Making Sense of Single-Cell Data
To gain biological insight, researchers start by grouping cells with similar gene or gene activity profiles. But clustering is tricky because single-cell data are high-dimensional (involving thousands of sequences or expression profiles) and involve complex relationships. Traditional clustering algorithms such as Principal Components Analysis (PCA)—which assume a simple linear relationship between variables—aren’t optimal for these data. So, bioinformaticians are exploring alternatives, including t-SNE (t-distributed stochastic neighbor embedding), which is well-suited for high-dimensional, non-linear data.

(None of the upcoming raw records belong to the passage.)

Theorem theorem3p9 (R : realType) (X : metricType R) (T : set R)
  (alpha : R -> X -> X) (M Mp Mm : set (X -> X)) :
  compact [set: X] ->
  is_Z_or_R T ->
  (forall t, T t -> continuous (alpha t)) ->
  alpha 0 = id ->
  (forall s t, T s -> T t -> alpha (s + t) = alpha s \o alpha t) ->
  minimal_ideal (envelope alpha T) M ->
  minimal_ideal (envelope alpha (Tpos T)) Mp ->
  minimal_ideal (envelope alpha (Tneg T)) Mm ->
  transitive_rel (proximal_on alpha (Tpos T)) ->
  transitive_rel (proximal_on alpha (Tneg T)) ->
  let E := envelope alpha T in
  let c1i := transitive_rel (proximal_on alpha T) in
  let c1ii := exists! L, minimal_left_ideal E L in
  let c1iii := M = Mp /\ Mp = Mm in
  let c1iv := min_idempotents (envelope alpha (Tpos T)) =
              min_idempotents (envelope alpha (Tneg T)) in
  let c2i := ~ transitive_rel (proximal_on alpha T) in
  let c2ii := Mp <> Mm /\
              (forall L, minimal_left_ideal E L <-> (L = Mp \/ L = Mm)) in
  let c2iii := Mp `&` Mm = set0 in
  let c2iv := min_idempotents (envelope alpha (Tpos T)) `&`
              min_idempotents (envelope alpha (Tneg T)) = set0 in
  ((c1i <-> c1ii) /\ (c1i <-> c1iii) /\ (c1i <-> c1iv)) /\
  ((c2i <-> c2ii) /\ (c2i <-> c2iii) /\ (c2i <-> c2iv)) /\
  (((c1i /\ c1ii /\ c1iii /\ c1iv) /\ ~ (c2i /\ c2ii /\ c2iii /\ c2iv)) \/
   ((c2i /\ c2ii /\ c2iii /\ c2iv) /\ ~ (c1i /\ c1ii /\ c1iii /\ c1iv))).
Proof.
move=> X_compact T_Z_or_R alpha_cont alpha0 alpha_add hM hMp hMm trp trm E.
have X_hausdorff : hausdorff_space X := @metric_hausdorff R X.
have half_neq0 A : half_of T A -> A !=set0 by case=> _ A0 _ _; exists 0.
have [Tp_half Tm_half] := (Tpos_half T_Z_or_R, Tneg_half T_Z_or_R).
have T_neq0 : T !=set0 by exists 0; exact: is_Z_or_R_0.
rewrite (proximal_onE X_compact _ _ (half_neq0 _ Tp_half)) in trp.
rewrite (proximal_onE X_compact _ _ (half_neq0 _ Tm_half)) in trm.
rewrite (proximal_onE X_compact _ _ T_neq0).
have [Mp_min Mp_rideal Jp] := half_kernel_spec X_hausdorff X_compact alpha_cont
  alpha0 alpha_add Tp_half _ hMp trp.
have [Mm_min Mm_rideal Jm] := half_kernel_spec X_hausdorff X_compact alpha_cont
  alpha0 alpha_add Tm_half _ hMm trm.
have E_closed : closed (E : set {ptws X -> X}) := envelope_closed T.
have E_comp : comp_closed E := envelope_comp_closed alpha_cont alpha_add T
  (@subset_refl _ T) (is_Z_or_R_add T_Z_or_R).
have E_split : E = _ `|` _ := envelope_split.
move=> c1i c1ii c1iii c1iv c2i c2ii c2iii c2iv.
have c1i_iff : c1i <-> Mp = Mm := sproximal_trans_halves X_hausdorff X_compact
  E_closed E_comp E_split Mp_min Mm_min Mp_rideal Mm_rideal.
have c1ii_iff : c1ii <-> Mp = Mm := unique_minimal_left_ideal_halves E_comp
  E_split Mp_min Mm_min Mp_rideal Mm_rideal.
have c1iii_iff : c1iii <-> Mp = Mm := minimal_ideal_halves E_comp E_split
  Mp_min Mm_min Mp_rideal Mm_rideal _ hM.
have c1iv_iff : c1iv <-> Mp = Mm.
  by rewrite /c1iv Jp Jm; exact: (minimal_left_ideal_idempotents_eq X_hausdorff
    X_compact E_closed E_comp Mp_min Mm_min).
have c2ii_iff : c2ii <-> Mp <> Mm := two_minimal_left_ideals_halves E_comp
  E_split Mp_min Mm_min Mp_rideal Mm_rideal.
have c2iii_iff : c2iii <-> Mp <> Mm :=
  minimal_left_ideals_disjoint E_comp Mp_min Mm_min.
have c2iv_iff : c2iv <-> Mp <> Mm.
  by rewrite /c2iv Jp Jm; exact: (minimal_left_ideal_idempotents_disjoint
    X_hausdorff X_compact E_closed E_comp Mp_min Mm_min).
have c2i_iff : c2i <-> ~ c1i by [].
by case: (pselect (Mp = Mm)); tauto.
Qed.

“I’m pretty impressed with how it’s all coming together in the field. We are moving beyond simple PCA-type analyses to more sophisticated algorithms,” says Stephen Quake, D.Phil, professor of bioengineering at Stanford University and a founder of Fluidigm. “The whole ecosystem around that is looking very promising.” In a 2015 paper in PNAS, Quake’s team applied t-SNE to single-cell transcriptome data from 466 brain cells to identify 10 distinct cell groups in the adult and fetal brain—eight of which corresponded to known cell types in the brain. They then further classified cells into subpopulations based on their gene expression profiles—a first step towards building a comprehensive atlas of cell types in the brain.

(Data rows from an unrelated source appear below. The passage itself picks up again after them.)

(* Let $S$ be a word of length $n$ and $C$ a word. If $C$ is an s-cover of $S$, then there exist positive integers $r_0,\dots,r_{n-1}$ such that the word $S[0]^{r_0}S[1]^{r_1}\cdots S[n-1]^{r_{n-1}}$ belongs to the shuffle closure $C^{\odot}$.
   Context: For words $C,S$, $C$ is an \emph{s-cover} of $S$ if for every position $i$ of $S$ there exist indices $j_0<\dots<j_{|C|-1}$ with $S[j_t]=C[t]$ for all $t$ and $i\in\{j_0,\dots,j_{|C|-1}\}$. For a letter $x$ and integer $r\ge1$, $x^r$ is $x$ repeated $r$ times. The shuffle closure $C^{\odot}$ is the set of words $W$ whose set of positions $\{0,\dots,|W|-1\}$ can be partitioned into pairwise disjoint sets, each of which is the set of positions $j_0<\dots<j_{|C|-1}$ of an occurrence of $C$ as a subsequence of $W$ (i.e., $W$ is an interleaving of copies of $C$). *)

From mathcomp Require Import all_boot.
Set Implicit Arguments. Unset Strict Implicit. Unset Printing Implicit Defensive.

Section Words.
Variable T : eqType.

(* js : positions j_0 < ... < j_{|C|-1} of an occurrence of C as a
   subsequence of W (the default element x0 of nth is irrelevant since
   all indices are in range). *)
Definition occurrence (C W : seq T) (js : seq nat) : Prop :=
  [/\ size js = size C,
      sorted ltn js,
      all (fun j => j < size W) js &
      forall x0 : T, forall t, t < size C -> nth x0 W (nth 0 js t) = nth x0 C t].

Definition s_cover (C S : seq T) : Prop :=
  forall i, i < size S -> exists js, occurrence C S js /\ i \in js.

(* W belongs to the shuffle closure of C: positions of W are partitioned
   into pairwise disjoint blocks, each the position set of an occurrence
   of C.  Disjointness + covering = the concatenation of the blocks is a
   permutation of [0, ..., |W|-1]. *)
Definition in_shuffle_closure (C W : seq T) : Prop :=
  exists P : seq (seq nat),
    (forall js, js \in P -> occurrence C W js) /\
    perm_eq (flatten P) (iota 0 (size W)).

Definition expand (S : seq T) (r : seq nat) : seq T :=
  flatten [seq nseq p.2 p.1 | p <- zip S r].

End Words.

From mathcomp Require Import all_boot.
Set Implicit Arguments. Unset Strict Implicit. Unset Printing Implicit Defensive.

(* Pick for every position i of S an occurrence L_i of C through i, and let
   r_k be the number of occurrences L_j using position k (r_k > 0 since k is
   in L_k).  Index the positions of S[0]^{r_0} ... S[n-1]^{r_{n-1}} by the
   slots (k, j) with k in L_j, ordered by k.  As each L_j is increasing, the
   slots (k, j) with k in L_j sit at increasing positions and spell C, and
   these blocks partition the positions of the expanded word. *)

Lemma choice_seq (A : Type) (a0 : A) (P : nat -> A -> Prop) n :
  (forall i, i < n -> exists a, P i a) ->
  exists s : seq A, size s = n /\ forall i, i < n -> P i (nth a0 s i).
Proof.
elim: n => [|n IH] HP; first by exists [::].
have [s [size_s Ps]] := IH (fun i lt_in => HP i (ltnW lt_in)).
have [a Pa] := HP n (ltnSn n).
exists (rcons s a); split; first by rewrite size_rcons size_s.
move=> i; rewrite ltnS leq_eqVlt => /orP[/eqP->|lt_in].
  by rewrite nth_rcons size_s ltnn eqxx.
by rewrite nth_rcons size_s lt_in; apply: Ps.
Qed.

Lemma map_index_uniq (T : eqType) (s : seq T) :
  uniq s -> map (index^~ s) s = iota 0 (size s).
Proof.
case: s => [|x0 s'] // s_uniq; apply: (@eq_from_nth _ 0) => [|i].
  by rewrite size_map size_iota.
by rewrite size_map => lt_i; rewrite (nth_map x0) // nth_iota // index_uniq.
Qed.

Lemma size_expand (T : eqType) (S : seq T) (r : seq nat) :
  size r = size S -> size (expand S r) = sumn r.
Proof.
elim: S r => [|x S IH] [|k r] //= [size_r].
by rewrite size_cat size_nseq IH.
Qed.

Section ShuffleOfOccurrences.

Variables (T : eqType) (C S : seq T) (Ls : seq (seq nat)).
Hypothesis Ls_occ : forall js, js \in Ls -> occurrence C S js.

Local Notation n := (size S).
Local Notation L j := (nth [::] Ls j).

Definition users k := [seq j <- iota 0 (size Ls) | k \in L j].

Definition multiplicities := [seq size (users k) | k <- iota 0 n].

Definition slots := [seq (k, j) | k <- iota 0 n, j <- users k].

Definition slot_block j := [seq index (k, j) slots | k <- L j].

Lemma occ_L j : j < size Ls -> occurrence C S (L j).
Proof. by move=> lt_j; apply/Ls_occ/mem_nth. Qed.

Lemma L_bound j k : j < size Ls -> k \in L j -> k < n.
Proof. by move=> /occ_L[_ _ /allP L_lt _]; apply: L_lt. Qed.

Lemma mem_slots k j : ((k, j) \in slots) = (j < size Ls) && (k \in L j).
Proof.
apply/allpairsPdep/idP => [[k' [j' [_ + [-> ->]]]]|/andP[lt_j Lk]].
  by rewrite mem_filter mem_iota andbC.
exists k, j; split => //; first by rewrite mem_iota (L_bound lt_j Lk).
by rewrite mem_filter Lk mem_iota.
Qed.

Lemma slots_uniq : uniq slots.
Proof.
apply: allpairs_uniq_dep => [|k _|[k j] [k' j'] _ _ /= [-> ->]] //.
  exact: iota_uniq.
exact/filter_uniq/iota_uniq.
Qed.

Lemma slots_sorted : sorted (fun p q : nat * nat => p.1 <= q.1) slots.
Proof.
rewrite sorted_pairwise; last by move=> ? ? ?; apply: leq_trans.
rewrite /slots; elim: n 0 => [|m IH] i //=.
rewrite pairwise_cat IH andbT; apply/andP; split.
  apply/allrelP => _ _ /mapP[j _ ->] /allpairsPdep[k [j' [+ _ ->]]] /=.
  by rewrite mem_iota => /andP[/ltnW].
rewrite pairwise_map; elim: (users i) => //= j s ->.
by rewrite andbT; apply/allP => x _ /=.
Qed.

Lemma expand_multiplicitiesE x0 :
  expand S multiplicities = [seq nth x0 S p.1 | p <- slots].
Proof.
rewrite /expand /multiplicities -[in zip S _](mkseq_nth x0 S) /mkseq.
rewrite size_map size_iota zip_map.
rewrite -map_comp /slots map_flatten -map_comp.
congr flatten; apply/eq_map => k /=.
by rewrite -map_comp; elim: (users k) => //= j s ->.
Qed.

Lemma size_expand_multiplicities : size (expand S multiplicities) = size slots.
Proof.
by rewrite size_expand ?size_allpairs_dep // /multiplicities size_map size_iota.
Qed.

Lemma index_slots_ltn p q :
  p \in slots -> q \in slots -> p.1 < q.1 -> index p slots < index q slots.
Proof.
move=> Ep Eq; rewrite !ltnNge; apply: contra => le_qp.
have le_trans : transitive (fun p q : nat * nat => p.1 <= q.1).
  by move=> ? ? ?; apply: leq_trans.
by apply: (sorted_leq_index le_trans (fun p => leqnn p.1) slots_sorted).
Qed.

Lemma slot_block_occurrence j :
  j < size Ls -> occurrence C (expand S multiplicities) (slot_block j).
Proof.
move=> lt_j; have [size_L L_sorted _ L_nth] := occ_L lt_j.
have slot_j k : k \in L j -> (k, j) \in slots by rewrite mem_slots lt_j.
split.
- by rewrite size_map.
- apply: (homo_sorted_in (P := mem (L j))) L_sorted; last exact: allss.
  by move=> k k' /slot_j Ek /slot_j Ek'; apply: (index_slots_ltn Ek Ek').
- apply/allP => _ /mapP[k Lk ->].
  by rewrite size_expand_multiplicities index_mem slot_j.
- move=> x0 t lt_t; rewrite -size_L in lt_t.
  have Lt := mem_nth 0 lt_t; have Et := slot_j _ Lt.
  rewrite (expand_multiplicitiesE x0) (nth_map 0) // (nth_map (0, 0)).
    by rewrite nth_index //= L_nth // -size_L.
  by rewrite index_mem.
Qed.

Lemma slot_blocks_partition :
  perm_eq (flatten [seq slot_block j | j <- iota 0 (size Ls)])
          (iota 0 (size (expand S multiplicities))).
Proof.
rewrite size_expand_multiplicities -(map_index_uniq slots_uniq).
pose slots_by_block := [seq (k, j) | j <- iota 0 (size Ls), k <- L j].
have uniq_by_block : uniq slots_by_block.
  apply: allpairs_uniq_dep => [|j|[j k] [j' k'] _ _ /= [-> ->]] //.
    exact: iota_uniq.
  by rewrite mem_iota => /occ_L[_ /(sorted_uniq ltn_trans ltnn)].
have same_slots : slots_by_block =i slots.
  move=> [k j]; rewrite mem_slots.
  apply/allpairsPdep/idP => [[j' [k' [+ + [-> ->]]]]|/andP[lt_j Lk]].
    by rewrite mem_iota => /= -> ->.
  by exists j, k; rewrite mem_iota.
have := perm_map (index^~ slots) (uniq_perm uniq_by_block slots_uniq same_slots).
by rewrite map_allpairs.
Qed.

Lemma expand_multiplicities_shuffle :
  in_shuffle_closure C (expand S multiplicities).
Proof.
exists [seq slot_block j | j <- iota 0 (size Ls)]; split.
  by move=> js /mapP[j]; rewrite mem_iota => /= lt_j ->; apply: slot_block_occurrence.
exact: slot_blocks_partition.
Qed.

Lemma multiplicities_gt0 :
  (forall k, k < n -> exists2 j, j < size Ls & k \in L j) ->
  all (fun r => 0 < r) multiplicities.
Proof.
move=> covered; apply/allP => m /mapP[k]; rewrite mem_iota => /= lt_k ->.
have [j lt_j Lk] := covered k lt_k.
have : j \in users k by rewrite mem_filter Lk mem_iota.
by case: (users k).
Qed.

End ShuffleOfOccurrences.

Theorem mainTheorem20 (T : eqType) (S C : seq T) :
  s_cover C S ->
  exists r : seq nat,
    [/\ size r = size S, all (fun k => 0 < k) r &
        in_shuffle_closure C (expand S r)].
Proof.
move=> cover.
have [Ls [size_Ls Ls_cover]] := choice_seq [::] cover.
have Ls_occ js : js \in Ls -> occurrence C S js.
  by move=> /(nthP [::])[i]; rewrite size_Ls => /Ls_cover[occ _] <-.
exists (multiplicities S Ls); split.
- by rewrite size_map size_iota.
- apply: multiplicities_gt0 => k lt_k; exists k; first by rewrite size_Ls.
  by case: (Ls_cover k lt_k).
- exact: expand_multiplicities_shuffle.
Qed.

Beyond grouping cells, researchers are also developing algorithms for ordering cells by temporal or developmental stage. This problem is challenging because it may require bioinformaticians to rethink their approach to cell classification, Trapnell says. Rather than trying to classify cells into clear-cut, discrete types, we should think of cells as lying more on a continuum, he says. “There’s a desire to put things into nice neat bins. And I think that’s not working well so far for single-cell data. So we might just need to be a little bit more flexible about how we analyze this stuff.”
Trapnell’s lab has developed Monocle, a toolkit for single-cell expression data that reconstructs the trajectory along which cells are presumed to travel, such as during development or differentiation (http://cole-trapnell-lab.github.io/monocle-release/). “Monocle is designed to put cells in continuous order by how differentiated they are—from undifferentiated stem cells to the fully differentiated state,” Trapnell says. In a recent paper in Science, Trapnell and others used Monocle to track the maturation of nasal olfactory cells in mice. “Because we capture the complete, continuous progression from neuronal progenitors to mature neurons, we can see the exact moment in development that these neurons select which member of a large family of sensory genes to express,” Trapnell says.

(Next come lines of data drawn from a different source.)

Lemma fitting : finite_length V -> exists p,
  (forall u, U u -> exists v w, [/\ iter_im p.+1 v, iter_ker p.+1 w & u = v + w]) /\
  (forall v, iter_im p.+1 v -> iter_ker p.+1 v -> v = 0).
Proof.
move=> finV.
have [n1 ker_stalls] := ascending_chain_stalls finV iter_ker_submod
  (fun k => iter_ker_mono (leqnSn k)).
have [n2 im_stalls] := descending_chain_stalls finV iter_im_submod
  (fun k => iter_im_mono (leqnSn k)).
set p := (n1 + n2).+1.
have ker2 u : iter_ker (p + p) u -> iter_ker p u.
  move=> ku; apply: (@iter_ker_mono n1); first by rewrite /p; lia.
  by move: ku; rewrite -(subnKC (_ : (n1 <= p + p)%N)); [apply: iter_ker_stable | lia].
have im2 v : iter_im p v -> iter_im (p + p) v.
  move=> /(@iter_im_mono n2 p) iv; rewrite -(subnKC (_ : (n2 <= p + p)%N)); last lia.
  by apply: iter_im_stable => //; apply: iv; lia.
exists (n1 + n2); split.
- move=> u Uu.
  have [v [Uv Ev]] := im2 _ (ex_intro _ u (conj Uu erefl)).
  exists (iter p phi v), (u - iter p phi v); split; first by exists v.
  + split; first by apply: submodB => //; exact: (linear_on_stable (Hiter _) Uv).
    rewrite (linear_onB HU (Hiter p)) ?Ev ?iterD ?subrr //.
    exact: (linear_on_stable (Hiter _) Uv).
  + by rewrite addrC subrK.
- move=> _ [u [Uu ->]] [_ pu].
  suff [] : iter_ker p u by [].
  by apply: ker2; split; rewrite // iterD.
Qed.
End Fitting.

Section LocalEndomorphisms.
Variable U : V -> Prop.
Hypotheses (finV : finite_length V) (HU : is_submod U) (indU : indecomposable_on U)
  (nzU : exists u, U u /\ u <> 0).

Lemma nilpotent_or_bijective_on phi : linear_on U phi ->
  nilpotent_on U phi \/ injective_on U phi /\ surjective_on U phi.
Proof.
move=> Hphi; have [p [decomp trivI]] := fitting HU Hphi finV.
have imU v : iter_im U phi p.+1 v -> U v.
  by case=> u [Uu ->]; apply: (linear_on_stable (linear_on_iter Hphi _)).
have [im0|ker0] := indU (iter_im_submod HU Hphi p.+1) (iter_ker_submod HU Hphi p.+1)
  imU (fun _ => @proj1 _ _) trivI decomp.
- by left; exists p.+1 => u Uu; apply: im0; exists u.
- right; split=> [u Uu phiu|u Uu].
    by apply: ker0; split; rewrite // iterSr phiu (linear_on0 HU (linear_on_iter Hphi p)).
  have [_ [w [[v [Uv ->]] /ker0 -> ->]]] := decomp u Uu.
  exists (iter p phi v); rewrite addr0 iterS; split=> //.
  exact: (linear_on_stable (linear_on_iter Hphi p)).
Qed.

Lemma nilpotent_on_not_surjective phi : nilpotent_on U phi -> ~ surjective_on U phi.
Proof.
move=> [n nil] surj; case: nzU => u [Uu]; apply.
have [v [Uv <-]] : exists v, U v /\ iter n phi v = u.
  elim: n {nil} u Uu => [|n IHn] u Uu; first by exists u.
  have [w [Uw <-]] := surj u Uu; have [v [Uv <-]] := IHn w Uw.
  by exists v; rewrite iterS.
exact: nil.
Qed.

Lemma nilpotent_on_not_injective phi :
  linear_on U phi -> nilpotent_on U phi -> ~ injective_on U phi.
Proof.
move=> Hphi [n nil] /(injective_on_iter (n := n) Hphi) inj.
by case: nzU => u [Uu]; apply; apply: inj => //; apply: nil.
Qed.

Lemma nilpotent_on_not_id phi : (forall u, U u -> phi u = u) -> ~ nilpotent_on U phi.
Proof.
move=> id_phi [n nil]; case: nzU => u [Uu]; apply; rewrite -(nil u Uu).
by elim: n {nil} => [|n IHn] //; rewrite iterS -IHn id_phi.
Qed.

Lemma linear_on_inverse w : linear_on U w -> injective_on U w -> surjective_on U w ->
  exists w', linear_on U w' /\ forall u, U u -> [/\ U (w' u), w (w' u) = u & w' (w u) = u].
Proof.
move=> Hw inj surj.
pose w' u := epsilon (inhabits 0) (fun v => U v /\ w v = u).
have w'K u : U u -> U (w' u) /\ w (w' u) = u.
  by move=> Uu; apply: (epsilon_spec _ _ (surj u Uu)).
have w_inj u v : U u -> U v -> w u = w v -> u = v.
  move=> Uu Uv wuv; apply/eqP; rewrite -subr_eq0; apply/eqP.
  by apply: inj; [apply: submodB | rewrite (linear_onB HU Hw) // wuv subrr].
exists w'; split=> [|u Uu].
  2: have [U'wu ww'wu] := w'K _ (linear_on_stable Hw Uu).
  2: by have [U'u w'u] := w'K u Uu; split=> //; apply: w_inj.
split=> [u v Uu Uv|a u Uu|u Uu]; last by case: (w'K u Uu).
- have [[U'u wu] [U'v wv]] := (w'K u Uu, w'K v Uv).
  have [U'uv wuv] := w'K _ (submodD HU Uu Uv).
  by apply: w_inj; rewrite ?(linear_onD Hw) ?wu ?wv //; apply: submodD.
- have [U'u wu] := w'K u Uu; have [U'au wau] := w'K _ (submodZ a HU Uu).
  by apply: w_inj; rewrite ?(linear_onZ Hw) ?wu //; apply: submodZ.
Qed.

(* If [phi + psi] were invertible with inverse [w], then [phi w] and [psi w = 1 - phi w]
   could not both be nilpotent. *)
Lemma nilpotent_onD phi psi : linear_on U phi -> linear_on U psi ->
  nilpotent_on U phi -> nilpotent_on U psi -> nilpotent_on U (fun v => phi v + psi v).
Proof.
move=> Hphi Hpsi nil_phi nil_psi.
have Hsum := linear_on_add HU Hphi Hpsi.
have [//|[inj surj]] := nilpotent_or_bijective_on Hsum.
have [w [Hw wK]] := linear_on_inverse Hsum inj surj.
have surjective_after_w chi : surjective_on U (chi \o w) -> surjective_on U chi.
  move=> surj_chi u Uu; have [v [Uv <-]] := surj_chi u Uu.
  by exists (w v); split=> //; case: (wK v Uv).
have [nil_phiw|[_ /(surjective_after_w phi)]] :=
  nilpotent_or_bijective_on (linear_on_comp Hphi Hw); last first.
  by move/(nilpotent_on_not_surjective nil_phi).
have Hpsiw := linear_on_comp Hpsi Hw.
have psiwE u : U u -> psi (w u) = u - phi (w u).
  by move=> Uu; have [_ wwu _] := wK u Uu; rewrite -{2}wwu addrC addKr.
have inj_psiw : injective_on U (psi \o w).
  move=> u Uu /=; rewrite psiwE // => /eqP; rewrite subr_eq0 => /eqP fix_u.
  case: nil_phiw => n nil; rewrite -(nil u Uu).
  by elim: n {nil} => [|n IHn] //; rewrite iterS -IHn.
have [nil_psiw|[_ /(surjective_after_w psi)]] := nilpotent_or_bijective_on Hpsiw.
  by case: (nilpotent_on_not_injective Hpsiw nil_psiw).
by move/(nilpotent_on_not_surjective nil_psi).
Qed.

Lemma nilpotent_on_sum (T : Type) (r : seq T) (a : T -> V -> V) :
  (forall t, linear_on U (a t)) -> (forall t, nilpotent_on U (a t)) ->
  linear_on U (fun v => \sum_(t <- r) a t v) /\ nilpotent_on U (fun v => \sum_(t <- r) a t v).
Proof.
move=> Ha nil_a; elim: r => [|t r [IHlin IHnil]].
  under [fun v => _]functional_extensionality => v do rewrite big_nil.
  split; last by exists 1%N.
  by split=> *; rewrite ?addr0 ?scaler0 //; apply: submod0.
under [fun v => _]functional_extensionality => v do rewrite big_cons.
by split; [apply: linear_on_add | apply: nilpotent_onD].
Qed.
End LocalEndomorphisms.

End Submodules.

Definition mkLinear (L : pzRingType) (U V : lmodType L) (f : U -> V) (fL : linear f) :
  {linear U -> V} := HB.pack f (GRing.isLinear.Build L U V *:%R f fL).

Section DirectSum.
Variables (L : pzRingType) (J : finType) (N : J -> lmodType L).
Implicit Types (u v : dsum N).

Lemma dsumD u v j : (u + v) j = u j + v j. Proof. by rewrite /GRing.add /= ffunE. Qed.
Lemma dsumZ a v j : (a *: v) j = a *: v j. Proof. by rewrite /GRing.scale /= ffunE. Qed.
Lemma dsum0 j : (0 : dsum N) j = 0. Proof. by rewrite /GRing.zero /= ffunE. Qed.
Lemma dsumP u v : (forall j, u j = v j) -> u = v. Proof. by move=> ?; apply/ffunP. Qed.

Lemma dsum_sum (T : Type) (r : seq T) (F : T -> dsum N) j :
  (\sum_(t <- r) F t) j = \sum_(t <- r) F t j.
Proof.
elim: r => [|t r IHr]; first by rewrite !big_nil dsum0.
by rewrite !big_cons dsumD IHr.
Qed.

Definition dsproj j v : N j := v j.

Lemma dsproj_is_linear j : linear (dsproj j).
Proof. by move=> a u v; rewrite /dsproj dsumD dsumZ. Qed.
HB.instance Definition _ (j : J) := GRing.isLinear.Build L (dsum N) (N j) *:%R (dsproj j)
  (@dsproj_is_linear j).

Definition dsinj k (m : N k) : dsum N :=
  [ffun j => if k =P j is ReflectT e then eq_rect k N m j e else 0].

Rapidly Changing Technology
The technology for single-cell genomics is rapidly advancing—and the bioinformatics challenges may shift accordingly. “It’s quite frustrating because the approaches that you’ll use one day could be totally changed the next day,” Schatz says. Just as bioinformaticians will have to keep pace with the technology, biologists will need to stay abreast of the latest bioinformatics innovations, he says. “Researchers who want to use these technologies have to pay really close attention to the state-of-the-art in the field and make sure that they are using all the best practices available at the time.”